Antiarrhythmic effects of interleukin 1 inhibition after myocardial infarction

Background: Interleukin 1β (IL-1β) is a key regulator of the inflammatory response after myocardial infarction (MI) by modulating immune cell recruitment, cytokine production, and extracellular matrix turnover. Elevated levels of IL-1β are associated with adverse remodeling, and inhibition of IL-1 signaling after MI results in improved contractile function. Objective: The goal of this study was to determine whether IL-1 signaling also contributes to post-MI arrhythmogenesis. Methods: MI was created in 2 murine models of elevated inflammation: atherosclerotic on the Western diet or wild-type with a subseptic dose of lipopolysaccharide. The role of IL-1β was assessed with the IL-1 receptor antagonist anakinra (10 mg/(kg·d), starting 24 hours post-MI).
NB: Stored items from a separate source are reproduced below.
(* Let $(b_n)_{n\ge0}$ be defined by $b_0=b_1=0$, $b_2=1$ and, for $n\ge3$, \[ b_n \;=\; \tfrac{19}{12}(n+1)-3 \;+\; \binom n2^{-1}\sum_{p=1}^{n}(n-p)\,b_{p-1}. \] Then for all $n\ge4$, \[ b_n=\frac{1}{24n(n-1)(n-2)}\Bigl(57n^4-48n^3H_n-178n^3+144n^2H_n+135n^2-96nH_n-14n+24\Bigr), \] and in particular $b_n\sim\tfrac{19}{8}n$ as $n\to\infty$.
   Context: $H_n=\sum_{k=1}^n1/k$ is the $n$-th harmonic number. (In the paper, $b_n=\mathbb E[\hat C_n]$ is the expected number of key comparisons made by Quickselect with Yaroslavskiy's dual-pivot partitioning to find the minimum of a uniformly random permutation of $n$ distinct keys.) *)

From HB Require Import structures.
From mathcomp Require Import all_boot all_order all_algebra.
Set Implicit Arguments. Unset Strict Implicit. Unset Printing Implicit Defensive.
Import Order.TTheory GRing.Theory Num.Theory.
Local Open Scope ring_scope.

Definition harmonic (n : nat) : rat := \sum_(1 <= k < n.+1) (k%:R)^-1.

(** Given s = [:: b_0; ...; b_(n-1)], compute b_n by the recurrence. *)
Definition b_next (n : nat) (s : seq rat) : rat :=
  if (n <= 1)%N then 0
  else if n == 2%N then 1
  else (19%:R / 12%:R) * (n.+1)%:R - 3%:R
       + ('C(n, 2))%:R^-1 * \sum_(1 <= p < n.+1) ((n - p)%N)%:R * nth 0 s p.-1.

Fixpoint b_list (n : nat) : seq rat :=
  match n with
  | 0 => [::]
  | k.+1 => rcons (b_list k) (b_next k (b_list k))
  end.

(** b_n : expected number of comparisons. *)
Definition b (n : nat) : rat := nth 0 (b_list n.+1) n.

Lemma b_small : [:: b 0; b 1; b 2; b 3] = [:: 0; 0; 1; b 3]. Proof. by []. Qed.

From HB Require Import structures.
From mathcomp Require Import all_boot all_order all_algebra.
From mathcomp Require Import ring lra zify.
Import Order.TTheory GRing.Theory Num.Theory.
Local Open Scope ring_scope.

(* Write t(x) = 19/12 (x + 1) - 3 for the toll of one partitioning stage and
   S_n = sum_(j < n) (n - 1 - j) b_j for the weighted sum occurring in the
   recurrence, so that C(n,2) (b_n - t(n)) = S_n for n >= 3.  Since the second
   difference of S is S_(n+2) - 2 S_(n+1) + S_n = b_n, the full-history
   recurrence collapses to the three-term recurrence
     C(n+2,2)(b_(n+2) - t(n+2)) = 2 C(n+1,2)(b_(n+1) - t(n+1))
                                   - C(n,2)(b_n - t(n)) + b_n      (n >= 3).
   The claimed closed form F(n, H_n) satisfies the same recurrence (a rational
   function identity, [closed_form_rec]), and agrees with b at n = 3, 4, so
   b_n = F(n, H_n) for all n >= 3 by two-step induction.
   For the asymptotics, |F(x, h)/x - 19/8| <= (2h + 1)/x for x >= 4, and
   H_n^2 <= 4n makes the right-hand side smaller than any eps > 0 for large n. *)

Definition half2 {R : numFieldType} (x : R) : R := x * (x - 1) / 2.
Definition toll {R : numFieldType} (x : R) : R := 19 / 12 * (x + 1) - 3.

Definition closed_form {R : numFieldType} (x h : R) : R :=
  (24 * x * (x - 1) * (x - 2))^-1 *
  (57 * x ^+ 4 - 48 * x ^+ 3 * h - 178 * x ^+ 3 + 144 * x ^+ 2 * h
   + 135 * x ^+ 2 - 96 * x * h - 14 * x + 24).

Lemma natr_bin2 (R : numFieldType) (n : nat) : ('C(n, 2))%:R = half2 (n%:R : R).
Proof.
rewrite /half2; elim: n => [|n IH]; first by rewrite bin0n mul0r mul0r.
have two_neq0 : (2 : R) != 0 by rewrite pnatr_eq0.
rewrite binS bin1 natrD IH -natr1.
by apply: (mulIf two_neq0); rewrite mulrDl !mulfVK //; ring.
Qed.

Lemma half2_gt0 (R : realFieldType) (x : R) : 1 < x -> 0 < half2 x.
Proof. by move=> x_gt1; rewrite /half2 !mulr_gt0 ?invr_gt0 //; lra. Qed.

(* The closed form satisfies the three-term recurrence obeyed by b, with
   H_(n+1) = H_n + 1/(n+1) and H_(n+2) = H_(n+1) + 1/(n+2). *)
Lemma closed_form_rec (R : realFieldType) (x h : R) : 3 <= x ->
  half2 (x + 2) * (closed_form (x + 2) (h + (x + 1)^-1 + (x + 2)^-1) - toll (x + 2))
  = 2 * (half2 (x + 1) * (closed_form (x + 1) (h + (x + 1)^-1) - toll (x + 1)))
    - half2 x * (closed_form x h - toll x) + closed_form x h.
Proof.
move=> x_ge3.
have x0 : x != 0 by apply/eqP; lra.
have x1 : x - 1 != 0 by apply/eqP; lra.
have x2 : x - 2 != 0 by apply/eqP; lra.
have x1' : x + 1 != 0 by apply/eqP; lra.
have x2' : x + 2 != 0 by apply/eqP; lra.
by rewrite /half2 /closed_form /toll; field; rewrite x0 x1 x2 x1' x2'.
Qed.

Lemma closed_form_propagates (R : realFieldType) (x h b0 b1 b2 s0 s1 s2 : R) :
  3 <= x ->
  half2 x * (b0 - toll x) = s0 ->
  half2 (x + 1) * (b1 - toll (x + 1)) = s1 ->
  half2 (x + 2) * (b2 - toll (x + 2)) = s2 ->
  s2 - 2 * s1 + s0 = b0 ->
  b0 = closed_form x h -> b1 = closed_form (x + 1) (h + (x + 1)^-1) ->
  b2 = closed_form (x + 2) (h + (x + 1)^-1 + (x + 2)^-1).
Proof.
move=> x_ge3 rec0 rec1 rec2 diff2 b0E b1E.
have half2_neq0 : half2 (x + 2) != 0 by apply/lt0r_neq0/half2_gt0; lra.
apply: (addIr (- toll (x + 2))); apply: (mulfI half2_neq0).
rewrite rec2 closed_form_rec // -b0E -b1E rec1 rec0 -diff2; ring.
Qed.

Lemma closed_form_deviation (R : realFieldType) (x h : R) : 4 <= x -> 0 <= h ->
  `|closed_form x h / x - 19 / 8| <= (2 * h + 1) / x.
Proof.
move=> x_ge4 h_ge0.
have x0 : x != 0 by apply/eqP; lra.
have x1 : x - 1 != 0 by apply/eqP; lra.
have x2 : x - 2 != 0 by apply/eqP; lra.
have x_gt0 : 0 < x by lra.
have cubic_ge24 : 24 <= x * (x - 1) * (x - 2).
  have : 12 <= x * (x - 1) by nra.
  have : 2 <= x - 2 by lra.
  nra.
set u := x^-1; set c := (x * (x - 1) * (x - 2))^-1.
have u_gt0 : 0 < u by rewrite invr_gt0.
have c_ge0 : 0 <= c by rewrite invr_ge0; lra.
have c_le : c <= 24^-1 by rewrite lef_pV2 // ?posrE //; lra.
have -> : closed_form x h / x - 19 / 8 = - ((48 * h + 7) / 24 * u) + u * c.
  by rewrite /closed_form /u /c; field; rewrite x0 x1 x2.
apply: le_trans (ler_normD _ _) _.
rewrite normrN !ger0_norm; last 2 first.
- by apply: mulr_ge0; lra.
- by apply: mulr_ge0; lra.
have : u * c <= u / 24 by rewrite ler_wpM2l //; lra.
nra.
Qed.

Lemma sqrt_ratio_small (R : realFieldType) (eps x h : R) :
  0 < eps -> 0 <= h -> h ^+ 2 <= 4 * x ->
  64 / (eps * eps) + 2 / eps < x -> (2 * h + 1) / x < eps.
Proof.
move=> eps_gt0 h_ge0 h_sq x_large.
set w := eps^-1.
have eps_w : eps * w = 1 by exact: mulfV (lt0r_neq0 eps_gt0).
have w_gt0 : 0 < w by rewrite invr_gt0.
rewrite (_ : 64 / (eps * eps) + 2 / eps = 64 * w * w + 2 * w) in x_large;
  last by rewrite /w invfM mulrA.
have x_gt0 : 0 < x by nra.
have ex_large : 64 * w + 2 < eps * x.
  have : eps * (64 * w * w + 2 * w) < eps * x by rewrite ltr_pM2l.
  have -> : eps * (64 * w * w + 2 * w) = 64 * w * (eps * w) + 2 * (eps * w) by ring.
  by rewrite eps_w !mulr1.
have ex_sq : 64 * x <= eps * x * (eps * x).
  have : 64 * w * (eps * x) <= eps * x * (eps * x) by rewrite ler_pM2r; nra.
  have -> : 64 * w * (eps * x) = 64 * x * (eps * w) by ring.
  by rewrite eps_w mulr1.
have : 4 * h < eps * x by nra.
rewrite ltr_pdivrMr //; lra.
Qed.

Lemma harmonicS (n : nat) : harmonic n.+1 = harmonic n + (n.+1)%:R^-1.
Proof. by rewrite /harmonic big_nat_recr. Qed.

Lemma harmonic0 : harmonic 0 = 0.
Proof. by rewrite /harmonic big_geq. Qed.

Lemma harmonic_ge0 (n : nat) : 0 <= harmonic n.
Proof. by apply: sumr_ge0 => i _; rewrite invr_ge0. Qed.

Lemma inv_succ_bounds (n : nat) :
  let u : rat := (n.+1)%:R^-1 in [/\ 0 <= u, u <= 1 & n%:R * u <= 1].
Proof.
have n1_gt0 : 0 < (n.+1)%:R :> rat by rewrite ltr0n.
split; first by rewrite invr_ge0 ltW.
- by rewrite invf_le1 // ler1n.
- by rewrite ler_pdivrMr // mul1r ler_nat.
Qed.

Lemma harmonic_le (n : nat) : harmonic n <= n%:R.
Proof.
elim: n => [|n IH]; first by rewrite harmonic0.
have [_ u_le1 _] := inv_succ_bounds n.
rewrite harmonicS; move: (n.+1%:R^-1 : rat) u_le1 => u u_le1.
by rewrite -natr1; lra.
Qed.

Lemma harmonic_sq_le (n : nat) : harmonic n ^+ 2 <= 4 * n%:R.
Proof.
elim: n => [|n IH]; first by rewrite harmonic0 expr0n mulr0.
have h_ge0 := harmonic_ge0 n; have h_le := harmonic_le n.
have [u_ge0 u_le1 nu_le1] := inv_succ_bounds n.
rewrite harmonicS.
move: (harmonic n) (n.+1%:R^-1 : rat) h_ge0 h_le IH u_ge0 u_le1 nu_le1
  => h u h_ge0 h_le IH u_ge0 u_le1 nu_le1.
rewrite -natr1.
have hu_le : h * u <= n%:R * u by rewrite ler_wpM2r.
have uu_le : u * u <= u * 1 by rewrite ler_wpM2l.
have -> : (h + u) ^+ 2 = h ^+ 2 + 2 * (h * u) + u * u by ring.
lra.
Qed.

Lemma size_b_list (n : nat) : size (b_list n) = n.
Proof. by elim: n => //= n IH; rewrite size_rcons IH. Qed.

Lemma nth_b_list (n j : nat) : (j < n)%N -> nth 0 (b_list n) j = b j.
Proof.
elim: n => // n IH; rewrite ltnS leq_eqVlt => /orP [/eqP -> | j_lt]; first by [].
by rewrite /= nth_rcons size_b_list j_lt IH.
Qed.

Lemma b_unfold (n : nat) : b n = b_next n (b_list n).
Proof. by rewrite /b /= nth_rcons size_b_list ltnn eqxx. Qed.

Definition prefix_sum (n : nat) : rat := \sum_(j < n) b j.
Definition weighted_sum (n : nat) : rat := \sum_(j < n) ((n.-1 - j)%N)%:R * b j.

Lemma prefix_sumS (n : nat) : prefix_sum n.+1 = prefix_sum n + b n.
Proof. by rewrite /prefix_sum big_ord_recr. Qed.

Lemma weighted_sumS (n : nat) : weighted_sum n.+1 = weighted_sum n + prefix_sum n.
Proof.
rewrite /weighted_sum /prefix_sum big_ord_recr /= subnn mul0r addr0 -big_split.
apply: eq_bigr => i _.
have -> : (n - i = (n.-1 - i).+1)%N by have := ltn_ord i; lia.
by rewrite -natr1 mulrDl mul1r.
Qed.

Lemma weighted_sum_diff2 (n : nat) :
  weighted_sum n.+2 - 2 * weighted_sum n.+1 + weighted_sum n = b n.
Proof. rewrite !weighted_sumS prefix_sumS; ring. Qed.

Lemma b_weighted (n : nat) : (3 <= n)%N ->
  half2 (n%:R : rat) * (b n - toll n%:R) = weighted_sum n.
Proof.
move=> n_ge3; rewrite b_unfold /b_next.
have -> : (n <= 1)%N = false by lia.
have -> : (n == 2%N) = false by lia.
have -> : \sum_(1 <= p < n.+1) ((n - p)%N)%:R * nth 0 (b_list n) p.-1
          = weighted_sum n.
  rewrite /weighted_sum big_add1 /= big_mkord; apply: eq_bigr => i _.
  by rewrite nth_b_list // (_ : (n - i.+1 = n.-1 - i)%N) //; lia.
have bin_neq0 : ('C(n, 2))%:R != 0 :> rat.
  by rewrite pnatr_eq0 -lt0n bin_gt0; lia.
by rewrite -natr_bin2 /toll -natr1; field.
Qed.

Lemma b_closed_step (n : nat) : (3 <= n)%N ->
  b n = closed_form n%:R (harmonic n) ->
  b n.+1 = closed_form n.+1%:R (harmonic n.+1) ->
  b n.+2 = closed_form n.+2%:R (harmonic n.+2).
Proof.
move=> n_ge3 b_n b_n1.
have n_ge3' : 3 <= n%:R :> rat by rewrite (ler_nat rat 3 n).
have nat1 : n.+1%:R = n%:R + 1 :> rat by rewrite -natr1.
have nat2 : n.+2%:R = n%:R + 2 :> rat by rewrite -natr1 nat1 -addrA.
have rec_n1 := b_weighted n.+1 ltac:(lia).
have rec_n2 := b_weighted n.+2 ltac:(lia).
rewrite harmonicS nat1 in b_n1; rewrite nat1 in rec_n1; rewrite nat2 in rec_n2.
rewrite !harmonicS nat1 nat2.
exact: (@closed_form_propagates rat _ _ _ _ _ _ _ _ n_ge3' (b_weighted n n_ge3)
          rec_n1 rec_n2 (weighted_sum_diff2 n) b_n b_n1).
Qed.

Lemma b_initial : [/\ b 0 = 0, b 1 = 0 & b 2 = 1].
Proof. by []. Qed.

Lemma b3 : b 3 = closed_form 3%:R (harmonic 3).
Proof.
have [b0 b1 b2] := b_initial.
have := b_weighted 3 isT.
rewrite /weighted_sum !big_ord_recr big_ord0 /= b0 b1 b2 subnn !mulr0 mulr1 !add0r.
move: (b 3) => c; rewrite !harmonicS harmonic0 /half2 /toll /closed_form => rec3.
have -> : c = 19 / 12 * (3 + 1) - 3 by lra.
by field.
Qed.

Lemma b4 : b 4 = closed_form 4%:R (harmonic 4).
Proof.
have [b0 b1 b2] := b_initial.
have := b_weighted 4 isT.
rewrite /weighted_sum !big_ord_recr big_ord0 /= b0 b1 b2 subnn mul0r !mulr0 mulr1.
rewrite !add0r addr0 -[(3 - 2)%N]/1%N.
move: (b 4) => c; rewrite !harmonicS harmonic0 /half2 /toll /closed_form => rec4.
have -> : c = 19 / 12 * (4 + 1) - 3 + 1 / 6 by lra.
by field.
Qed.

Lemma b_closed (n : nat) : (3 <= n)%N -> b n = closed_form n%:R (harmonic n).
Proof.
suff pair_ok m : b m.+3 = closed_form m.+3%:R (harmonic m.+3) /\
                 b m.+4 = closed_form m.+4%:R (harmonic m.+4).
  by case: n => [|[|[|m]]] // _; case: (pair_ok m).
elim: m => [|m [IH3 IH4]]; first by split; [exact: b3 | exact: b4].
by split => //; apply: b_closed_step.
Qed.

Theorem proposition5p3 :
  (forall n : nat, (4 <= n)%N ->
     b n = (24 * n%:R * (n%:R - 1) * (n%:R - 2))^-1 *
           (57 * n%:R ^+ 4 - 48 * n%:R ^+ 3 * harmonic n - 178 * n%:R ^+ 3
            + 144 * n%:R ^+ 2 * harmonic n + 135 * n%:R ^+ 2
            - 96 * n%:R * harmonic n - 14 * n%:R + 24))
  /\
  (forall eps : rat, 0 < eps ->
     exists N : nat, forall n : nat, (N <= n)%N ->
       `| b n / n%:R - 19 / 8 | < eps).
Proof.
split=> [n n_ge4 | eps eps_gt0]; first by apply: b_closed; lia.
set K := 64 / (eps * eps) + 2 / eps.
have K_ge0 : 0 <= K.
  have eps_ge0 : 0 <= eps := ltW eps_gt0.
  by apply: addr_ge0; apply: divr_ge0 => //; apply: mulr_ge0.
exists (Num.Def.archi_bound K).+4 => n n_large.
have n_ge4 : 4 <= n%:R :> rat by rewrite (ler_nat rat 4 n); lia.
rewrite b_closed; last by lia.
apply: le_lt_trans (@closed_form_deviation rat _ _ n_ge4 (harmonic_ge0 n)) _.
apply: (@sqrt_ratio_small rat _ _ _ eps_gt0 (harmonic_ge0 n) (harmonic_sq_le n)).
apply: lt_le_trans (archi_boundP K_ge0) _.
by rewrite ler_nat; lia.
Qed.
Results: In vivo and ex vivo molecular imaging showed reduced myocardial inflammation after a 4-day course of anakinra treatment, despite no change in infarct size. At day 5 post-MI, high-speed optical mapping of transmembrane potential and intracellular Ca²⁺ in isolated hearts revealed that IL-1β inhibition improved conduction velocity, reduced action potential duration dispersion, improved intracellular Ca²⁺ handling, decreased transmembrane potential and Ca²⁺ alternans magnitude, and reduced spontaneous and inducible ventricular arrhythmias. These functional improvements were linked to increased expression of connexin 43 and sarcoplasmic reticulum Ca²⁺-ATPase. Conclusion: This study revealed a novel mechanism for IL-1β in contributing to defective excitation-contraction coupling and arrhythmogenesis in the post-MI heart. Our results suggest that inhibition of IL-1 signaling post-MI may represent a novel antiarrhythmic therapy.